В замке стояла тишина; Макс подумал: а что в этом хорошего? Вот здорово, когда приходишь домой, а там человек, который готовит тебе ужин, слушает заодно радио, проигрыватель и телевизор, читает книгу, принимает ванну и кричит: «это ты? я в ванной, иди ко мне, у меня тепло и пахнет жасмином». Он пришел со школы — а в его комнате, в его кресле, сидела мама. Он вообще никого не впускал в свою комнату; бабушка уважала это желание, они ходили друг к другу как в гости — стучались и могли ответить «нет». А она — вошла так легко и сидит, читает одну из книг — Маклахлана, которого он так и не отнес Снегу. Похожа на бабушку, как и она — в пеньюаре, только ее фиолетовый, но тоже из шифона, шелка, кружев, со шлейфом, шуршит. Тапочки расшиты бисером, на каблуках, с загнутыми носами, восточные.
— Привет, — сказала она.
Макс бросил рюкзак в угол и сказал: «уходите».
— Как грубо, — подняла она брови. Макс с неприязнью заметил, что она, в отличие от бабушки, сильно красится: брови подведены, глаза, губы, пудры слой. Словно для съемок.
— Я никого не впускаю в свою комнату, — ответил он.

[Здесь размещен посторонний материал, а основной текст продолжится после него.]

(* Let $p(\cdot),q(\cdot),r(\cdot)\in\mathcal{P}(\mathbb{R}^n)$ satisfy $\frac{1}{r(x)}=\frac{1}{p(x)}+\frac{1}{q(x)}$, and assume either $r(\cdot)<p(\cdot)<\infty$, or $r(\cdot)\le p(\cdot)<\infty$ with $r^+<\infty$. For measurable $f$ set $\|f\|^*_{p(\cdot)}=\sup_{\|g\|_{q(\cdot)}\le1}\|fg\|_{r(\cdot)}$. Then $\|f\|^*_{p(\cdot)}\approx\|f\|_{p(\cdot)}$, i.e. there are constants $c_1,c_2>0$ independent of $f$ with $c_1\|f\|_{p(\cdot)}\le\|f\|^*_{p(\cdot)}\le c_2\|f\|_{p(\cdot)}$.
   Context: $\mathcal{P}(\mathbb{R}^n)$: measurable $p(\cdot):\mathbb{R}^n\to[1,\infty]$; $p^+$ essential supremum. $\|f\|_{p(\cdot)}=\inf\{\lambda>0:\int_{\{p<\infty\}}|f/\lambda|^{p(x)}dx+\|(f/\lambda)\chi_{\{p=\infty\}}\|_\infty\le1\}$. *)

From mathcomp Require Import all_boot all_algebra.
From mathcomp Require Import all_classical all_reals all_analysis measurable_realfun ess_sup_inf.
Import GRing.Theory Num.Theory.
Import numFieldNormedType.Exports.

Set Implicit Arguments.
Unset Strict Implicit.
Unset Printing Implicit Defensive.

Local Open Scope classical_set_scope.
Local Open Scope ring_scope.
Local Open Scope ereal_scope.

(* R^n is modelled as n.-tuple R, with the product (= Borel) sigma-algebra
   provided by MathComp-Analysis.  The n-dimensional Lebesgue measure is
   characterised as the (unique) measure that is the n-fold product of the
   one-dimensional Lebesgue measure on measurable rectangles. *)
Definition is_lebesgue_n (R : realType) (n : nat)
    (mu : {measure set (n.-tuple R) -> \bar R}) : Prop :=
  forall A : 'I_n -> set R, (forall i, measurable (A i)) ->
    mu [set t | forall i, A i (tnth t i)] =
      \big[*%E/1%E]_(i < n) lebesgue_measure (A i).

Definition var_exponent (R : realType) (n : nat)
    (p : n.-tuple R -> \bar R) : Prop :=
  measurable_fun setT p /\ forall x, 1 <= p x.

(* 1/p with the convention 1/oo = 0 (exponents are >= 1). *)
Definition einv (R : realType) (a : \bar R) : R :=
  match a with EFin r => r^-1 | _ => 0%R end.

Definition modular (R : realType) (n : nat)
    (mu : {measure set (n.-tuple R) -> \bar R})
    (p : n.-tuple R -> \bar R) (f : n.-tuple R -> R) : \bar R :=
  (\int[mu]_(x in [set x | p x < +oo]) ((`|f x| `^ fine (p x))%R)%:E)
  + ess_sup mu (fun x => if p x == +oo then (`|f x|)%:E else 0).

Она оглядела комнату еще раз; пока ждала сына — прощупала каждый миллиметр: какой он, чем живет? Геральдические лилии на стенах — красный шелк с золотом; из красного бархата, с золотыми кистями балдахин над тяжелой резной кроватью; из красного резного дерева вся мебель; это была парадная спальня, для наследника престола, который посетит раз в жизни вассала; до Макса в ней никто не жил, даже не думал; после кровати самым большим предметом в комнате был стол — весь завален бумагами; Марианна пыталась прочесть, но почерк Макса был ужасен, как у врачей. Она решила подарить ему печатную машинку — портативную, такую смешную, маленькую, как щенок овчарки, свернувшись, спит; одежда у него была в основном английская, хорошая, но блеклая, она подумала, что он, наверное, совсем незаметен в толпе; если не поймать случайно взгляд — бегущего по лезвию бритвы; увидела много-много книг, взяла самую верхнюю и поняла, что это книга его друга: Снегу — было написано на первой странице — Кайл Маклахлан; «если я скажу, что знаю Кайла, играла в его пьесе первую роль, и он пришел на первое представление, и был оглушительный успех, и он поцеловал мне руку, а потом мы ужинали, но не спали — он любит некую Лору Палмер, одноклассницу, по сей день; он полюбит меня? только он начнет спрашивать, нравятся ли мне книги Кайла, а я ничего о них не знаю, я не чувствую книг; ничего не читала, кроме своей роли; даже не знаю, о чем пьеса; а он, наверное, и сам пишет…» Марианна знала и многих издателей, могла бы договориться, но подумала: Максу не это нужно, черт знает, что вообще нужно этому молодому человеку с прозрачным некрасивым лицом, родившемуся словно на Крайнем Севере, — о, как она расстроилась, что это не он, не синеглазый, не черноволосый, не белокожий, мальчик-Белоснежка…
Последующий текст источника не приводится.